United Kingdom | Publication | August 2021
Little changed for UK businesses from a tax perspective when the UK left the EU on January 31, 2020. Under the terms of the Withdrawal Act 2018 (as amended by the Withdrawal Agreement Act 2020), during the transition period which ran until 11pm on December 31, 2020, most EU tax law continued to apply to the UK as if it were still an EU member state. The UK continued to be within the EU VAT regime, customs union and single market and the UK courts continued to be able to make references to the CJEU. From January 1, the UK has moved out of the transition period into a new relationship governed by the terms of the Trade and Cooperation Agreement (the “TCA”).
The Withdrawal Agreement Act includes a Protocol on Ireland/Northern Ireland, which sets out the arrangements required to avoid a hard border in Ireland. This provides that Northern Ireland will remain part of the UK's customs territory and the UK's VAT area but also requires Northern Ireland to remain aligned to EU single market and customs rules (for goods, but not services).
The legislation implementing VAT in the UK is a mixture of European and domestic and much of the case law derives from litigation in the domestic courts of other EU member states. VAT accounts for around a fifth of the UK’s tax revenue and the Government confirmed early on that the UK would continue to run a VAT system after it left the EU in substantially the same form and has now implemented secondary legislation where necessary to enable this. UK VAT law as it applies to UK (rather than cross-border) activities is likely to continue to apply in its current form initially, with the potential for some specific changes, e.g. on the scope of zero and reduced rates.
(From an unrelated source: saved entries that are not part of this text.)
(* Let $\mathcal{M}$ be a finite-horizon MDP with horizon $T$, state space $\mathcal{S}$, finite action set $\mathcal{A}$, a fixed initial state distribution, transition kernel $P$, and reward $R:\mathcal{S}\times\mathcal{A}\to[0,1]$. Fix a reference policy $\pi_{\mathrm{ref}}$ and $\eta>0$, and let $\Pi_\eta$ be the set of policies $\pi$ satisfying the KL trust-region constraint \[ \sup_{s\in\mathcal{S}} D_{\mathrm{KL}}\big(\pi(\cdot\mid s)\,\|\,\pi_{\mathrm{ref}}(\cdot\mid s)\big)\le \eta . \] Define \[ J(\pi)=\frac{1}{T}\sum_{t=1}^{T}\mathbb{E}_{s_t\sim d_t^{\pi}}\Big[\sum_{a_t\in\mathcal{A}}R(s_t,a_t)\,\pi(a_t\mid s_t)\Big],\qquad J_{\mathrm{step}}(\pi)=\frac{1}{T}\sum_{t=1}^{T}\mathbb{E}_{s_t\sim d_t^{\pi_{\mathrm{ref}}}}\Big[\sum_{a_t\in\mathcal{A}}R(s_t,a_t)\,\pi(a_t\mid s_t)\Big]. \] Let $\pi_1^*\in\arg\max_{\pi\in\Pi_\eta}J(\pi)$ and $\pi_2^*\in\arg\max_{\pi\in\Pi_\eta}J_{\mathrm{step}}(\pi)$ (assumed to exist). Then \[ 0\le J(\pi_1^* )-J(\pi_2^* )\le 2\sqrt{2}\,(T+1)\sqrt{\eta}, \] in particular $J(\pi_1^* )-J(\pi_2^* )=O(T\sqrt{\eta})$.
   Context: Policies are Markov maps $\pi:\mathcal{S}\to\Delta(\mathcal{A})$, $a\mapsto\pi(a\mid s)$. For a policy $\pi$ and $t\in\{1,\dots,T\}$, $d_t^{\pi}$ denotes the marginal distribution of the state $s_t$ at step $t$ when the MDP is run from the fixed initial state distribution with actions drawn from $\pi$. $D_{\mathrm{KL}}$ is the Kullback–Leibler divergence. *)

From HB Require Import structures.
From mathcomp Require Import all_boot all_order all_algebra.
From mathcomp Require Import all_classical all_reals all_analysis.
Set Implicit Arguments. Unset Strict Implicit. Unset Printing Implicit Defensive.
Import Order.TTheory GRing.Theory Num.Theory.
Local Open Scope classical_set_scope.
Local Open Scope ring_scope.
Local Open Scope ereal_scope.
The key immediate change is due to the UK’s new status as a third (i.e. non-EU) country. VAT treatment of imports of goods from EU member states are now aligned with those from outside the EU which means that UK VAT will be imposed on imports from the EU. UK VAT registered importers should be able to take advantage of ‘postponed accounting’ – which means that this import VAT will be included and paid by reference to the next VAT return in order to assist with cash flow timing. It is unclear whether EU member states will provide the same assistance for customers importing from the UK.
As widely anticipated, there are also implications for access to a number of EU-wide VAT simplification measures such as the mini one-stop shop (“MOSS”, a way for a business supplying certain digital services to non-business EU customers to pay VAT without having to register in each member state the customers are located in), direct selling thresholds and the EU VAT refund system.
For UK businesses engaged in UK/EU cross-border sales, the planning measures suggested in the no-deal scenario remain relevant: new EU VAT registrations (and appointment of VAT fiscal representatives if needed); ensuring familiarity with relevant VAT refund mechanisms operated by member states; getting up to speed with requirements for postponed accounting for import VAT; and, if engaged in digital sales, applying for a MOSS registration in an EU member state.
Some changes will be made to the UK system to reflect the equivalence of treatment for EU and non-EU customers.
This includes regulations which have been made allowing deduction of input VAT attributable to certain financial and insurance services supplied to EU customers, enabling recovery of previously irrecoverable VAT.
It is unclear whether further changes will be made. EU law was incorporated into UK law with effect from 11pm on 31 December 2020 (the end of the implementation period). Historic decisions of the CJEU in relation to retained EU law, generally, remain binding on the UK courts and tribunals unless overruled by the Supreme Court or Court of Appeal or equivalents in Scotland and Northern Ireland or, in certain situations, other specified appellate courts and tribunals (‘relevant courts’). Within these constraints, and subject to the ongoing commitments outlined in the TCA, the UK is entitled to amend its VAT regime. The UK is undertaking consultations on the future treatment of financial services and funds which may indicate areas that the UK is considering making changes to.
Direct taxes (corporation tax, PRT, income tax, capital gains tax, NICS, IHT, stamp taxes) are outside the competence of the EU but, due to EU law enabling EU legislation for furthering the functioning of the internal market, there are a few important direct tax directives.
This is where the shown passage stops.